The year 2025 marked a new phase for arbitration in Chile: as international caseloads continued to rise, the country deepened its institutional integration with the Ibero-American community, courts reaffirmed a policy of minimum intervention in arbitrations, and recent investment arbitration developments tested the resilience of Chile’s pro-arbitration framework. This report covers:

  • The integration agreement between the Arbitration and Mediation Center of the Santiago Chamber of Commerce(“CAM Santiago”) and the International Arbitration Center – Ibero-American Arbitration Center (“CIAM-CIAR”);
  • 2022–2025 statistics confirming the low success rate of challenges to arbitral awards; and
  • the latest developments in investment arbitrations against Chile.

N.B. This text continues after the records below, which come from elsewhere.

(* Assume Hypothesis (H). Let $T\in\mathcal M$, let $\mathfrak k$ be a Lie subalgebra with $\mathfrak h\subsetneq\mathfrak k$, and let $\tau>0$. Then the set $\mathcal C(\mathfrak k,\tau)=\{g\in\mathcal M_T(\mathfrak k):\lambda_+(g)\le\tau\}$ is compact in $\mathcal M_T(\mathfrak k)$.
   Context: Let $G$ be a compact connected Lie group with Lie algebra $\mathfrak g$ and $H<G$ a closed connected subgroup with Lie algebra $\mathfrak h$; $M=G/H$, $\dim M\ge3$. Fix an $\mathrm{Ad}(G)$-invariant inner product $Q$ on $\mathfrak g$; $\mathfrak v\ominus\mathfrak u$ is the $Q$-orthogonal complement; $\mathfrak m=\mathfrak g\ominus\mathfrak h$. $\mathcal M$ is the set of $\mathrm{Ad}(H)$-invariant inner products on $\mathfrak m$. $\mathcal M(\mathfrak k)$ is the set of $\mathrm{Ad}(H)$-invariant inner products on $\mathfrak k\ominus\mathfrak h$, with the topology inherited from the space of bilinear forms on $\mathfrak k\ominus\mathfrak h$; $\mathcal M_T(\mathfrak k)=\{g\in\mathcal M(\mathfrak k):\mathrm{tr}_gT|_{\mathfrak k\ominus\mathfrak h}=1\}$ with the subspace topology, where $\mathrm{tr}_g$ denotes trace with respect to $g$. For $g\in\mathcal M(\mathfrak k)$, $\lambda_+(g)$ is the supremum of $g(X,X)$ over $X\in\mathfrak k\ominus\mathfrak h$ with $Q(X,X)=1$. Hypothesis (H): every Lie subalgebra $\mathfrak s\subset\mathfrak g$ with $\mathfrak h\subsetneq\mathfrak s$ satisfies (1) for all nonzero $\mathrm{Ad}(H)$-invariant subspaces $\mathfrak u\subset\mathfrak s\ominus\mathfrak h$ and $\mathfrak v\subset\mathfrak g\ominus\mathfrak s$, the representations $\mathrm{Ad}(H)|_{\mathfrak u}$ and $\mathrm{Ad}(H)|_{\mathfrak v}$ are inequivalent; (2) $[\mathfrak r,\mathfrak s]\neq\{0\}$ for every $\mathrm{Ad}(H)$-invariant one-dimensional subspace $\mathfrak r\subset\mathfrak g\ominus\mathfrak s$. *)

(* Model: g = R^n in Q-orthonormal coordinates (so Q = standard dot product),
   vectors are functions nat -> R (only indices < n matter), bilinear forms on
   a subspace V of R^n are n x n matrices "supported on V". *)
From Stdlib Require Import Reals List.
Open Scope R_scope.

Definition vec := nat -> R.
Definition mat := nat -> nat -> R.

Fixpoint rsum (n : nat) (f : nat -> R) : R :=
  match n with O => 0 | S m => rsum m f + f m end.

Definition dot (n : nat) (x y : vec) : R := rsum n (fun i => x i * y i).
Definition vadd (x y : vec) : vec := fun i => x i + y i.
Definition vscal (a : R) (x : vec) : vec := fun i => a * x i.
Definition veq (x y : vec) : Prop := forall i, x i = y i.
Definition inRn (n : nat) (x : vec) : Prop := forall i, (n <= i)%nat -> x i = 0.
Definition nonzero_vec (x : vec) : Prop := exists i, x i <> 0.

Definition is_subspace (n : nat) (S : vec -> Prop) : Prop :=
  (forall x, S x -> inRn n x) /\
  (forall x y, S x -> veq x y -> S y) /\
  S (fun _ => 0) /\
  (forall x y, S x -> S y -> S (vadd x y)) /\
  (forall a x, S x -> S (vscal a x)).

Definition whole (n : nat) : vec -> Prop := inRn n.
Definition nontrivial (S : vec -> Prop) : Prop := exists x, S x /\ nonzero_vec x.

Definition ocomp (n : nat) (V U : vec -> Prop) : vec -> Prop :=
  fun x => V x /\ forall y, U y -> dot n x y = 0.

Definition dim_ge (n : nat) (V : vec -> Prop) (d : nat) : Prop :=
  exists f : nat -> vec, (forall j, (j < d)%nat -> V (f j)) /\
    forall c : nat -> R, (forall i, rsum d (fun j => c j * f j i) = 0) ->
      forall j, (j < d)%nat -> c j = 0.

Definition one_dim (r : vec -> Prop) : Prop :=
  exists e, nonzero_vec e /\ forall x, r x <-> exists a, veq x (vscal a e).

Definition is_lie_algebra (n : nat) (br : vec -> vec -> vec) : Prop :=
  (forall x y, inRn n x -> inRn n y -> inRn n (br x y)) /\
  (forall x x' y y', veq x x' -> veq y y' -> veq (br x y) (br x' y')) /\
  (forall a b x y z, inRn n x -> inRn n y -> inRn n z ->
     veq (br (vadd (vscal a x) (vscal b y)) z)
         (vadd (vscal a (br x z)) (vscal b (br y z)))) /\
  (forall x y, inRn n x -> inRn n y -> veq (br x y) (vscal (-1) (br y x))) /\
  (forall x y z, inRn n x -> inRn n y -> inRn n z ->
     veq (vadd (br x (br y z)) (vadd (br y (br z x)) (br z (br x y))))
         (fun _ => 0)).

International Integration: The CAM Santiago–CIAM-CIAR Alliance in 2025

One of the most noteworthy developments in the field of international arbitration in Chile in 2025 was the consolidation of the partnership between CAM Santiago and CIAM-CIAR. 

Through this alliance, both institutions agreed to integrate their arbitral activity with the shared aim of jointly promoting the development of international arbitration and addressing its growing needs, particularly within Spanish-language and Ibero-American markets.

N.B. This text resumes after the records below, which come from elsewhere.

(* Let $M$ be a manifold with a Randers metric $Z$ having Zermelo data $(h,W)$, and let $f:U\subset M\to\mathbb{R}$ be a smooth function without critical points on the open set $U$. Let $\nabla f$ and $\widetilde{\nabla} f$ denote the gradients of $f$ with respect to $Z$ and $h$ respectively, and write $\|v\|=\sqrt{h(v,v)}$. Then on $U$: (a) $\dfrac{\|\widetilde{\nabla} f\|}{Z(\nabla f)}\big(\nabla f-Z(\nabla f)W\big)=\widetilde{\nabla} f$; (b) $Z(\nabla f)=\|\widetilde{\nabla} f\|+df(W)$.
   Context: Given a Riemannian metric $h$ on $M$ and a smooth vector field $W$ with $h(W,W)<1$, the Randers metric $Z:TM\to[0,\infty)$ with Zermelo data $(h,W)$ is defined for $v\neq0$ as the solution $Z(v)>0$ of $h\big(\frac{v}{Z(v)}-W,\frac{v}{Z(v)}-W\big)=1$ (and $Z(0)=0$); it is a Finsler metric. For a Finsler metric $F$ with fundamental tensor $g_v(u,w)=\frac12\frac{\partial^2}{\partial t\partial s}F^2(v+tu+sw)|_{t=s=0}$, the gradient $\nabla f$ of $f$ at a non-critical point is the unique vector with $df(\cdot)=g_{\nabla f}(\nabla f,\cdot)$; for a Riemannian metric this is the usual gradient. *)

From HB Require Import structures.
From mathcomp Require Import all_boot all_order all_algebra.
From mathcomp Require Import all_classical all_reals all_analysis.
Set Implicit Arguments. Unset Strict Implicit. Unset Printing Implicit Defensive.
Import Order.TTheory GRing.Theory Num.Theory.
Local Open Scope ring_scope.

(* Pointwise model: the tangent space T_pM is 'rV[R]_n; the Riemannian
   metric h at p is given by a Gram matrix H. *)
Definition hdot (R : realType) (n : nat) (H : 'M[R]_n) (u w : 'rV[R]_n) : R :=
  (u *m H *m w^T) 0 0.

Definition hnorm (R : realType) (n : nat) (H : 'M[R]_n) (v : 'rV[R]_n) : R :=
  Num.sqrt (hdot H v v).

Definition riemannian (R : realType) (n : nat) (H : 'M[R]_n) : Prop :=
  H^T = H /\ forall v : 'rV[R]_n, v != 0 -> 0 < hdot H v v.

Definition randersZ (R : realType) (n : nat) (H : 'M[R]_n) (W : 'rV[R]_n)
    (v : 'rV[R]_n) : R :=
  if v == 0 then 0
  else xget 0 [set z : R | 0 < z /\ hdot H (z^-1 *: v - W) (z^-1 *: v - W) = 1].

Definition fund_tensor (R : realType) (n : nat) (F : 'rV[R]_n -> R)
    (v u w : 'rV[R]_n) : R :=
  2^-1 * derive1 (fun t : R =>
           derive1 (fun s : R => (F (v + t *: u + s *: w)) ^+ 2) 0) 0.

Definition dfun (R : realType) (n : nat) (c : 'cV[R]_n) (u : 'rV[R]_n) : R :=
  (u *m c) 0 0.

Definition is_finsler_gradient (R : realType) (n : nat) (F : 'rV[R]_n -> R)
    (c : 'cV[R]_n) (G : 'rV[R]_n) : Prop :=
  forall u : 'rV[R]_n, dfun c u = fund_tensor F G G u.

Definition is_riem_gradient (R : realType) (n : nat) (H : 'M[R]_n)
    (c : 'cV[R]_n) (Gt : 'rV[R]_n) : Prop :=
  forall u : 'rV[R]_n, dfun c u = hdot H Gt u.

(* With l = 1 - h(W,W), the defining equation of the Randers norm Z(v) is the
   quadratic l Z^2 + 2 h(v,W) Z = h(v,v), whose positive root is
   (sqrt (h(v,W)^2 + l h(v,v)) - h(v,W)) / l.  As Z is positively homogeneous,
   g_v(v,u) = 1/2 d/ds Z(v + s u)^2 at s = 0, and differentiating the quadratic
   gives g_G(G,u) = Z/S h(G - Z W, u) with S = Z + h(G - Z W, W) > 0.  Hence the
   Riemannian gradient is (Z/S)(G - Z W).  Since h(G - Z W, G - Z W) = Z^2 by the
   definition of Z, its norm is Z^2/S, and both identities follow. *)

From mathcomp Require Import all_boot all_order all_algebra.
From mathcomp Require Import all_classical all_reals all_analysis.
From mathcomp Require Import ring lra.
Import Order.TTheory GRing.Theory Num.Theory.
Local Open Scope classical_set_scope.
Local Open Scope ring_scope.

Section Hdot.
Context {R : realType} {n : nat} (H : 'M[R]_n).

Lemma hdotDl u v w : hdot H (u + v) w = hdot H u w + hdot H v w.
Proof. by rewrite /hdot !mulmxDl mxE. Qed.

Lemma hdotZl k u w : hdot H (k *: u) w = k * hdot H u w.
Proof. by rewrite /hdot -!scalemxAl mxE. Qed.

Lemma hdotDr u v w : hdot H u (v + w) = hdot H u v + hdot H u w.
Proof. by rewrite /hdot linearD /= mulmxDr mxE. Qed.

Lemma hdotZr k u w : hdot H u (k *: w) = k * hdot H u w.
Proof. by rewrite /hdot linearZ /= -scalemxAr mxE. Qed.

Lemma hdotNl u w : hdot H (- u) w = - hdot H u w.
Proof. by rewrite -scaleN1r hdotZl mulN1r. Qed.

Lemma hdotNr u w : hdot H u (- w) = - hdot H u w.
Proof. by rewrite -scaleN1r hdotZr mulN1r. Qed.

Lemma hdot0l w : hdot H 0 w = 0.
Proof. by rewrite -(scale0r 0) hdotZl mul0r. Qed.

Lemma hdotC : H^T = H -> forall u w, hdot H u w = hdot H w u.
Proof.
move=> HT u w; rewrite /hdot -[in LHS](trmxK (u *m H *m w^T)) [LHS]mxE.
by rewrite !trmx_mul trmxK HT mulmxA.
Qed.

Lemma hdotI : riemannian H -> forall x y, hdot H x =1 hdot H y -> x = y.
Proof.
move=> [_ Hpos] x y hxy; apply/eqP; rewrite -subr_eq0; apply: contraT => xy0.
by have := Hpos _ xy0; rewrite hdotDl hdotNl hxy subrr ltxx.
Qed.

Lemma hnormZ k v : 0 <= k -> hnorm H (k *: v) = k * hnorm H v.
Proof.
move=> k0; rewrite /hnorm hdotZl hdotZr mulrA -expr2 sqrtrM ?sqr_ge0 //.
by rewrite sqrtr_sqr ger0_norm.
Qed.

Lemma is_derive_hdotl_line v u w :
  is_derive (0 : R) 1 (fun s => hdot H (v + s *: u) w) (hdot H u w).
Proof.
have -> : (fun s => hdot H (v + s *: u) w) = (fun s => hdot H v w + s * hdot H u w).
  by apply: funext => s; rewrite hdotDl hdotZl.
by apply: is_derive_eq; rewrite !(scaler0, add0r, mul1r); exact: mulr1.
Qed.

Lemma is_derive_hdot_line_diag v u : H^T = H ->
  is_derive (0 : R) 1 (fun s => hdot H (v + s *: u) (v + s *: u)) (2 * hdot H v u).
Proof.
move=> HT.
have -> : (fun s => hdot H (v + s *: u) (v + s *: u)) =
    (fun s => hdot H v v + s * (2 * hdot H v u) + s ^+ 2 * hdot H u u).
  apply: funext => s; rewrite !(hdotDl, hdotDr, hdotZl, hdotZr) (hdotC HT u v); ring.
by apply: is_derive_eq; rewrite !(scaler0, scale0r, add0r, addr0, mul1r); exact: mulr1.
Qed.

Lemma hdot_ge0 v : riemannian H -> 0 <= hdot H v v.
Proof.
move=> [_ Hpos]; have [->|v0] := eqVneq v 0; first by rewrite hdot0l.
exact/ltW/Hpos.
Qed.

End Hdot.

Lemma pos_root_quadratic_uniq {R : realFieldType} (l a b z1 z2 : R) :
  0 <= l -> 0 < b -> 0 < z1 -> 0 < z2 ->
  l * z1 ^+ 2 + 2 * a * z1 = b -> l * z2 ^+ 2 + 2 * a * z2 = b -> z1 = z2.
Proof.
move=> l0 b0 z10 z20 e1 e2.
have lin1 : 0 < l * z1 + 2 * a.
  by rewrite -(pmulr_rgt0 _ z10) -[X in 0 < X](_ : b = _) // -e1; ring.
have : (z1 - z2) * (l * (z1 + z2) + 2 * a) = 0.
  by rewrite -[RHS](subrr b) -{1}e1 -e2; ring.
have lz2 : 0 <= l * z2 by rewrite mulr_ge0 // ltW.
have /gt_eqF lin : 0 < l * (z1 + z2) + 2 * a by rewrite mulrDr; lra.
by move/eqP; rewrite mulf_eq0 lin orbF subr_eq0 => /eqP.
Qed.

Definition zermelo_root {R : rcfType} (l a b : R) : R :=
  (Num.sqrt (a ^+ 2 + l * b) - a) / l.

Section ZermeloRoot.
Context {R : rcfType}.
Implicit Types l a b k : R.

Lemma zermelo_root0 l : zermelo_root l 0 0 = 0.
Proof. by rewrite /zermelo_root expr0n mulr0 addr0 sqrtr0 subr0 mul0r. Qed.

Lemma sqrt_zermelo_root l a b :
  l != 0 -> Num.sqrt (a ^+ 2 + l * b) = l * zermelo_root l a b + a.
Proof. by move=> l0; rewrite /zermelo_root mulrCA mulfV // mulr1 subrK. Qed.

Lemma zermelo_root_eq l a b : l != 0 -> 0 <= a ^+ 2 + l * b ->
  l * zermelo_root l a b ^+ 2 + 2 * a * zermelo_root l a b = b.
Proof.
move=> l0 q0; apply: (mulfI l0).
have -> : l * (l * zermelo_root l a b ^+ 2 + 2 * a * zermelo_root l a b) =
          (l * zermelo_root l a b + a) ^+ 2 - a ^+ 2 by ring.
by rewrite -sqrt_zermelo_root // sqr_sqrtr // addrC addKr.
Qed.

Lemma zermelo_root_gt0 l a b : 0 < l -> 0 < b -> 0 < zermelo_root l a b.
Proof.
move=> l0 b0; rewrite divr_gt0 // subr_gt0 (le_lt_trans (ler_norm a)) //.
by rewrite -sqrtr_sqr ltr_sqrt ?ltrDl ?mulr_gt0 // ltr_wpDl ?sqr_ge0 ?mulr_gt0.
Qed.

Lemma zermelo_rootZ l a b k : 0 <= k ->
  zermelo_root l (k * a) (k ^+ 2 * b) = k * zermelo_root l a b.
Proof.
move=> k0; rewrite /zermelo_root mulrCA exprMn -mulrDr sqrtrM ?sqr_ge0 //.
by rewrite sqrtr_sqr ger0_norm // -mulrBr mulrA.
Qed.

End ZermeloRoot.

Lemma is_derive_zermelo_root {R : realType} {l : R} {a b : R -> R} {x da db : R} :
  is_derive x 1 a da -> is_derive x 1 b db ->
  l != 0 -> 0 < a x ^+ 2 + l * b x ->
  is_derive x 1 (fun s => zermelo_root l (a s) (b s))
    ((db - 2 * da * zermelo_root l (a x) (b x)) /
     (2 * Num.sqrt (a x ^+ 2 + l * b x))).
Proof.
move=> Da Db l0 q0.
pose q s := a s ^+ 2 + l * b s.
have Dq : is_derive x 1 q (2 * a x * da + l * db).
  by apply: is_derive_eq; rewrite -![_ *: _]/(_ * _); ring.
have Dsqrt := @is_derive1_comp _ _ q _ _ _ (is_derive1_sqrt q0) Dq.
have -> : (fun s => zermelo_root l (a s) (b s)) = l^-1 \*: (Num.sqrt \o q - a).
  by apply: funext => s; rewrite /zermelo_root /= mulrC.
apply: is_derive_eq; rewrite /zermelo_root; set S := Num.sqrt _.
have S0 : S != 0 by rewrite gt_eqF // sqrtr_gt0.
by rewrite -[_ *: _]/(_ * _); field; rewrite S0 l0.
Qed.

Section FundamentalTensor.
Context {R : realType} {n : nat} (F : 'rV[R]_n -> R).

Lemma fund_tensor00 u : fund_tensor F 0 0 u = 0.
Proof.
rewrite /fund_tensor.
under eq_fun do under eq_fun do rewrite scaler0 !add0r.
by rewrite derive1_cst mulr0.
Qed.

Lemma fund_tensor_diag v u D :
  (forall k w, 0 < k -> F (k *: w) = k * F w) ->
  is_derive (0 : R) 1 (fun s => F (v + s *: u) ^+ 2) D ->
  fund_tensor F v v u = D / 2.
Proof.
move=> Fhom DF.
have inner t : -1 < t -> derive1 (fun s => F (v + t *: v + s *: u) ^+ 2) 0 = (1 + t) * D.
  move=> t1; have k0 : 0 < 1 + t by lra.
  have -> : (fun s => F (v + t *: v + s *: u) ^+ 2) =
            (fun s => (1 + t) ^+ 2 * F (v + (s / (1 + t)) *: u) ^+ 2).
    apply: funext => s; rewrite -exprMn -Fhom // scalerDr scalerA mulrCA.
    by rewrite mulfV ?gt_eqF // mulr1 scalerDl scale1r.
  have Dscale : is_derive (0 : R) 1 (fun s => s / (1 + t)) (1 + t)^-1.
    by apply: is_derive_eq; rewrite scaler0 add0r; exact: mulr1.
  have := @is_derive1_comp _ (fun s => F (v + s *: u) ^+ 2) _ 0 _ _ _ Dscale.
  rewrite /= mul0r => /(_ D DF) Dcomp.
  rewrite derive1E; apply: derive_val; apply: is_derive_eq.
  by rewrite -[_ *: _]/(_ * _); field; rewrite gt_eqF.
have inner_near : \forall t \near (0 : R^o),
    derive1 (fun s => F (v + t *: v + s *: u) ^+ 2) 0 = (1 + t) * D.
  exists 1 => //= t; rewrite /ball /= sub0r normrN => /ltr_normlP [t1 _].
  by apply: inner; rewrite ltrNl.
rewrite /fund_tensor derive1E (near_eq_derive _ inner_near) mulrC.
congr (_ * _); apply: derive_val; apply: is_derive_eq.
by rewrite scaler0 !add0r; exact: mulr1.
Qed.

End FundamentalTensor.

Section Randers.
Context {R : realType} {n : nat} {H : 'M[R]_n} {W : 'rV[R]_n}.
Hypotheses (H_riem : riemannian H) (W_lt1 : hdot H W W < 1).

Local Notation Z := (randersZ H W).
Local Notation l := (1 - hdot H W W).

Let HT : H^T = H. Proof. by case: H_riem. Qed.
Let l_gt0 : 0 < l. Proof. by rewrite subr_gt0. Qed.

Lemma randersZE v : Z v = zermelo_root l (hdot H v W) (hdot H v v).
Proof.
rewrite /randersZ; case: eqP => [->|/eqP v0]; first by rewrite !hdot0l zermelo_root0.
set P := [set z | _]; set a := hdot H v W; set b := hdot H v v.
have b_gt0 : 0 < b by case: H_riem => _; apply.
have indicatrixE z : 0 < z ->
    (hdot H (z^-1 *: v - W) (z^-1 *: v - W) == 1) = (l * z ^+ 2 + 2 * a * z == b).
  move=> z_gt0; have z0 : z != 0 by rewrite gt_eqF.
  rewrite !(hdotDl, hdotDr, hdotZl, hdotZr, hdotNl, hdotNr) (hdotC H HT W v) -/a -/b.
  have -> : z^-1 * (z^-1 * b) - z^-1 * a - (z^-1 * a - hdot H W W) =
            1 + (b - (l * z ^+ 2 + 2 * a * z)) / z ^+ 2 by field.
  rewrite -subr_eq0 addrC addKr mulf_eq0 invr_eq0 expf_eq0 (negbTE z0) andbF.
  by rewrite orbF subr_eq0 eq_sym.
set z0 := zermelo_root l a b.
have z0_gt0 : 0 < z0 by exact: zermelo_root_gt0.
have z0_eq : l * z0 ^+ 2 + 2 * a * z0 = b.
  by apply: zermelo_root_eq; rewrite ?gt_eqF // addr_ge0 ?sqr_ge0 // mulr_ge0 // ltW.
have z0P : 0 < z0 /\ hdot H (z0^-1 *: v - W) (z0^-1 *: v - W) = 1.
  by split => //; apply/eqP; rewrite indicatrixE // z0_eq.
have [z_gt0 /eqP] := xgetPex 0 (ex_intro P z0 z0P).
rewrite indicatrixE // => /eqP z_eq.
exact: pos_root_quadratic_uniq (ltW l_gt0) b_gt0 z_gt0 z0_gt0 z_eq z0_eq.
Qed.

Lemma randersZ_gt0 v : v != 0 -> 0 < Z v.
Proof.
move=> v0; rewrite randersZE zermelo_root_gt0 //.
by case: H_riem => _; apply.
Qed.

Lemma randersZZ k v : 0 < k -> Z (k *: v) = k * Z v.
Proof.
move=> k_gt0; rewrite !randersZE !(hdotZl, hdotZr) mulrA -expr2.
by rewrite zermelo_rootZ // ltW.
Qed.

Lemma hdot_sub_randersZ v : hdot H (v - Z v *: W) (v - Z v *: W) = Z v ^+ 2.
Proof.
have root_eq : l * Z v ^+ 2 + 2 * hdot H v W * Z v = hdot H v v.
  rewrite randersZE zermelo_root_eq ?gt_eqF //.
  by rewrite addr_ge0 ?sqr_ge0 // mulr_ge0 ?hdot_ge0 // ltW.
rewrite !(hdotDl, hdotDr, hdotZl, hdotZr, hdotNl, hdotNr) (hdotC H HT W v).
by rewrite -[in hdot H v v]root_eq; ring.
Qed.

Lemma randersZ_add_hdotE v :
  Z v + hdot H (v - Z v *: W) W = Num.sqrt (hdot H v W ^+ 2 + l * hdot H v v).
Proof.
by rewrite randersZE sqrt_zermelo_root ?gt_eqF // hdotDl hdotNl hdotZl; ring.
Qed.

Lemma randersZ_add_hdot_gt0 v : v != 0 -> 0 < Z v + hdot H (v - Z v *: W) W.
Proof.
move=> v0; have b_gt0 : 0 < hdot H v v by case: H_riem => _; apply.
by rewrite randersZ_add_hdotE sqrtr_gt0 ltr_wpDl ?sqr_ge0 ?mulr_gt0.
Qed.

Lemma is_derive_randersZ_sqr v u : v != 0 ->
  is_derive (0 : R) 1 (fun s => Z (v + s *: u) ^+ 2)
    (2 * (Z v / (Z v + hdot H (v - Z v *: W) W)) * hdot H (v - Z v *: W) u).
Proof.
move=> v0; have S_gt0 := randersZ_add_hdot_gt0 _ v0.
have q_gt0 : 0 < hdot H (v + 0 *: u) W ^+ 2 + l * hdot H (v + 0 *: u) (v + 0 *: u).
  by rewrite scale0r addr0 -sqrtr_gt0 -randersZ_add_hdotE.
have := is_derive_zermelo_root (is_derive_hdotl_line H v u W)
  (is_derive_hdot_line_diag H v u HT) (lt0r_neq0 l_gt0) q_gt0.
rewrite scale0r addr0 -!randersZE -randersZ_add_hdotE => Dz.
under eq_fun do rewrite randersZE.
apply: is_derive_eq; rewrite scale0r addr0 -randersZE.
set S := Z v + _ in S_gt0 *.
rewrite hdotDl hdotNl hdotZl (hdotC H HT W u) -![_ *: _]/(_ * _).
by field; rewrite lt0r_neq0.
Qed.

Lemma fund_tensor_randers v u : v != 0 ->
  fund_tensor Z v v u =
  Z v / (Z v + hdot H (v - Z v *: W) W) * hdot H (v - Z v *: W) u.
Proof.
move=> v0; rewrite (fund_tensor_diag _ _ _ _ randersZZ (is_derive_randersZ_sqr v u v0)).
by rewrite [LHS]mulrC !mulrA mulVf ?pnatr_eq0 // mul1r.
Qed.

End Randers.

Theorem lemma3p1 (R : realType) (n : nat) (H : 'M[R]_n) (W : 'rV[R]_n)
    (c : 'cV[R]_n) (G Gt : 'rV[R]_n) :
  riemannian H ->
  hdot H W W < 1 ->
  c != 0 ->
  is_finsler_gradient (randersZ H W) c G ->
  is_riem_gradient H c Gt ->
  (hnorm H Gt / randersZ H W G) *: (G - randersZ H W G *: W) = Gt /\
  randersZ H W G = hnorm H Gt + dfun c W.
Proof.
move=> H_riem W_lt1 _ DG DGt.
have [G0|G0] := eqVneq G 0.
  subst G; have Gt0 : Gt = 0.
    by apply: (hdotI _ H_riem) => u; rewrite -DGt DG fund_tensor00 hdot0l.
  by rewrite DGt Gt0 /randersZ eqxx /hnorm !hdot0l sqrtr0 mul0r scale0r addr0.
set Z := randersZ H W G; set V := G - Z *: W; set S := Z + hdot H V W.
have Z_gt0 : 0 < Z by exact: randersZ_gt0.
have S_gt0 : 0 < S by exact: randersZ_add_hdot_gt0.
have eGt : Gt = (Z / S) *: V.
  by apply: (hdotI _ H_riem) => u; rewrite -DGt DG fund_tensor_randers // hdotZl.
have nGt : hnorm H Gt = Z / S * Z.
  rewrite eGt hnormZ ?divr_ge0 ?ltW // /hnorm hdot_sub_randersZ //.
  by rewrite sqrtr_sqr gtr0_norm.
split; first by rewrite nGt eGt mulfK ?lt0r_neq0.
by rewrite DGt nGt eGt hdotZl -mulrDr -/S divfK ?lt0r_neq0.
Qed.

CAM Santiago is Chile’s leading arbitral institution and a benchmark in Latin America. Since its establishment in 1992, it has played a pivotal role in the development and consolidation of institutional arbitrations for both domestic and international proceedings.

CIAM-CIAR is an arbitral institution that administers international proceedings with a strong focus on the Ibero-American region. It was founded in 2020 following the consolidation of the Madrid Court of Arbitration, the Spanish Court of Arbitration, the Civil and Commercial Court of Arbitration, and the Madrid Bar Association.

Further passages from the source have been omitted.